Вся комната бьется в истерике, а мой эгоистичный братишка вжимается в стол, извиваясь, чтобы отодвинуться от нее.
– Тебе нравится причинять мне боль? – спрашивает он, садясь и отползая подальше. – Ты и не подозреваешь, как я люблю боль. В постели меня даже можно назвать мазохистом.
Кеннеди изо всех сил старается сдержать улыбку. Они проработали вместе три года, и мой братец изо всех сил старался затащить ее в постель. У него ничего не вышло. Впрочем, раньше девушка носила бриллиант на безымянном пальце левой руки, а в этом сезоне его нет, так что кто знает, может быть, это придает ему решимости.
– Если тебе так нравится испытывать боль, ложись обратно на стол. – Она похлопывает по подушке.
– Кенни, у тебя был тяжелый день. Я в порядке. Не хочу, чтобы ты слишком много работала.
– Слабак. – Она смеется, качает головой и уходит.

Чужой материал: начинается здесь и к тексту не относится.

Lemma pow_sub_le (a b : R) (n : nat) :
  0 <= b <= a -> a ^ S n - b ^ S n <= INR (S n) * a ^ n * (a - b).
Proof.
  intros Hab. induction n as [|n IH]; [simpl; lra|].
  rewrite (S_INR (S n)).
  assert (Hbn : b ^ S n <= a ^ S n) by (apply pow_incr; lra).
  assert (Hb0 : 0 <= b ^ S n) by (apply pow_le; lra).
  assert (a * (a ^ S n - b ^ S n) <= a * (INR (S n) * a ^ n * (a - b)))
    by (apply Rmult_le_compat_l; lra).
  assert ((a - b) * b ^ S n <= (a - b) * a ^ S n) by (apply Rmult_le_compat_l; lra).
  change (a ^ S (S n)) with (a * a ^ S n). change (b ^ S (S n)) with (b * b ^ S n).
  change (a ^ S n) with (a * a ^ n) in *. nra.
Qed.

Lemma pow_ge_sub (a e q : R) (k : nat) :
  0 <= a <= 1 -> 0 <= e -> 0 <= q -> a - e <= q -> a ^ k - INR k * e <= q ^ k.
Proof.
  intros Ha He Hq Hq_ge. destruct k as [|k]; [simpl; lra|].
  assert (Hk : 1 <= INR (S k)) by (apply (le_INR 1); lia).
  assert (Hak : 0 <= a ^ k <= 1)
    by (split; [apply pow_le | rewrite <- (pow1 k); apply pow_incr]; lra).
  assert (0 <= q ^ S k) by (apply pow_le; lra).
  destruct (Rle_or_lt (a - e) 0) as [Hae|Hae].
  - assert (a ^ S k <= a) by (simpl; nra). nra.
  - assert ((a - e) ^ S k <= q ^ S k) by (apply pow_incr; lra).
    assert (Hsub := pow_sub_le a (a - e) k ltac:(lra)).
    replace (a - (a - e)) with e in Hsub by ring.
    assert (INR (S k) * a ^ k * e <= INR (S k) * e).
    { rewrite Rmult_assoc. apply Rmult_le_compat_l; [lra|].
      rewrite <- (Rmult_1_l e) at 2. apply Rmult_le_compat_r; lra. }
    lra.
Qed.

Я разговариваю с братом, а мой врач продолжает удерживать меня за руку.
– Когда-нибудь ты ее доведешь.
– Не-а, – говорит Исайя, его голос становится громче, когда он подходит к моему столу и смотрит на меня сверху вниз. – Она в меня влюблена. Она об этом даже не подозревает, но это так. И совершенно очевидно, что я влюблен в нее.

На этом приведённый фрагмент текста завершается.